Khatyspytia Temporal range: late Ediacaran ~543 Ma PreꞒ Ꞓ O S D C P T J K Pg N

Scientific classification
- Kingdom: Animalia
- Phylum: †Petalonamae
- Class: †Arboreomorpha
- Genus: †Khatyspytia Fedonkin, 1985
- Species: †K. grandis
- Binomial name: †Khatyspytia grandis Fedonkin, 1985

= Khatyspytia =

- Genus: Khatyspytia
- Species: grandis
- Authority: Fedonkin, 1985
- Parent authority: Fedonkin, 1985

Genus of rangeomorphs

Khatyspytia is an extinct petalonamid from the late Ediacaran of Russia. It is a monotypic genus, containing only Khatyspytia grandis.

== Discovery and naming ==
The first fossil specimens of Khatyspytia were found from the Khatyspyt Formation of the Khorbusuonka Group in Siberia, and formally described and named in 1985.

The generic name Khatyspytia derives from the Latinised place name of the Khatyspyt Formation, from where the first fossils were found. The generic name grandis directly derives from the Latin word of the same spelling, "grandis", to mean "large".

== Description ==
Khatyspytia grandis is a tall, frondose organism, reaching up to 24 cm in height. It has a notably elongated stalk, with a relatively slender frond, and a wide holdfast structure.

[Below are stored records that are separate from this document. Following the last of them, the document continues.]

(* Let $n$ be even. For all $v_0,\dots,v_n\in\mathbb{R}^n$, $$P(v_0,\dots,v_n)=(-1)^{n/2}\,2^n\,\mathrm{Sm}(v_0,\dots,v_n).$$
   Context: $\mathrm{Or}(v_1,\dots,v_n)=\operatorname{sign}\det(v_1,\dots,v_n)$ (zero if not a basis). $P(v_0,\dots,v_n)=\prod_{i=0}^n\mathrm{Or}(v_0,\dots,\widehat{v_i},\dots,v_n)$. $S(v_0,\dots,v_n)=0$ if $0$ is not in the interior of the convex hull of $v_0,\dots,v_n$, and otherwise $S(v_0,\dots,v_n)=(-1)^i\mathrm{Or}(v_0,\dots,\widehat{v_i},\dots,v_n)$ for any $i$ (independent of $i$). $\mathrm{Sm}(v_0,\dots,v_n)=2^{-(n+1)}\sum_{\sigma_i\in\{\pm1\}}S(\sigma_0v_0,\dots,\sigma_nv_n)$. *)

(* R^n is modelled by row vectors 'rV[R]_n over an arbitrary
   real field R (the reals being one instance). *)
From HB Require Import structures.
From mathcomp Require Import all_boot all_order all_algebra.
From Stdlib Require Import ClassicalEpsilon.
Set Implicit Arguments. Unset Strict Implicit. Unset Printing Implicit Defensive.
Import Order.TTheory GRing.Theory Num.Theory.
Local Open Scope ring_scope.

Section Defs.
Variable R : realFieldType.
Variable n : nat.

Definition Or (w : 'I_n -> 'rV[R]_n) : R :=
  Num.sg (\det (\matrix_(j < n) w j)).

Definition hat (v : 'I_n.+1 -> 'rV[R]_n) (i : 'I_n.+1) : 'I_n -> 'rV[R]_n :=
  fun j => v (lift i j).

Definition Pf (v : 'I_n.+1 -> 'rV[R]_n) : R := \prod_(i < n.+1) Or (hat v i).

Definition in_conv_hull (v : 'I_n.+1 -> 'rV[R]_n) (x : 'rV[R]_n) : Prop :=
  exists l : 'I_n.+1 -> R,
    (forall i, 0 <= l i) /\ \sum_(i < n.+1) l i = 1 /\
    x = \sum_(i < n.+1) l i *: v i.

Definition in_interior (A : 'rV[R]_n -> Prop) (x : 'rV[R]_n) : Prop :=
  exists2 eps : R, 0 < eps &
    forall y : 'rV[R]_n, (forall j, `|y 0 j - x 0 j| < eps) -> A y.

(* S(v_0,...,v_n), using i = 0 in (-1)^i Or(v_0,..,^v_i,..,v_n) *)
Definition Sf (v : 'I_n.+1 -> 'rV[R]_n) : R :=
  if excluded_middle_informative (in_interior (in_conv_hull v) 0) then Or (hat v ord0) else 0.

(* Sm = 2^{-(n+1)} sum over sign choices sigma of S(sigma_0 v_0,...,sigma_n v_n);
   sigma i = true encodes the sign -1. *)
Definition Sm (v : 'I_n.+1 -> 'rV[R]_n) : R :=
  (2 ^+ n.+1)^-1 *
  \sum_(s : {ffun 'I_n.+1 -> bool}) Sf (fun i => (-1) ^+ s i *: v i).

End Defs.

(* Cramer's rule gives the linear relation
   sum_i (-1)^i det(v_0, .., ^v_i, .., v_n) v_i = 0.  When all these minors
   are nonzero, it is the only relation up to scaling, so 0 lies in the
   interior of the hull of s_0 v_0, .., s_n v_n exactly when the coefficients
   s_i (-1)^i det(.., ^v_i, ..) all have the same sign.  This happens for
   exactly two opposite sign vectors s, and for n even both contribute
   prod_i sg((-1)^i det(.., ^v_i, ..)) = (-1)^(n(n+1)/2) P(v).  When some minor
   vanishes, P(v) = 0 and every hull is flat, so Sm(v) = 0 as well. *)

From HB Require Import structures.
From mathcomp Require Import all_boot all_order all_algebra.
From mathcomp Require Import ring lra.
From Stdlib Require Import ClassicalEpsilon.
Import Order.TTheory GRing.Theory Num.Theory.
Set Implicit Arguments. Unset Strict Implicit. Unset Printing Implicit Defensive.
Local Open Scope ring_scope.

It has been compared to Charniodiscus, another arboreomorph, with some papers suggesting it to be a junior synonym of the species C. procerus, although nothing has been properly published on this matter. Erwin et al. (2011) would remove Khatyspytia from their analysis of the classification of major Ediacaran taxa, alongside a long list of other removed genera, with it being noted that fossils where removed due to either being exceedingly rare, poorly described, synonymized, or likely parts of a larger fossil.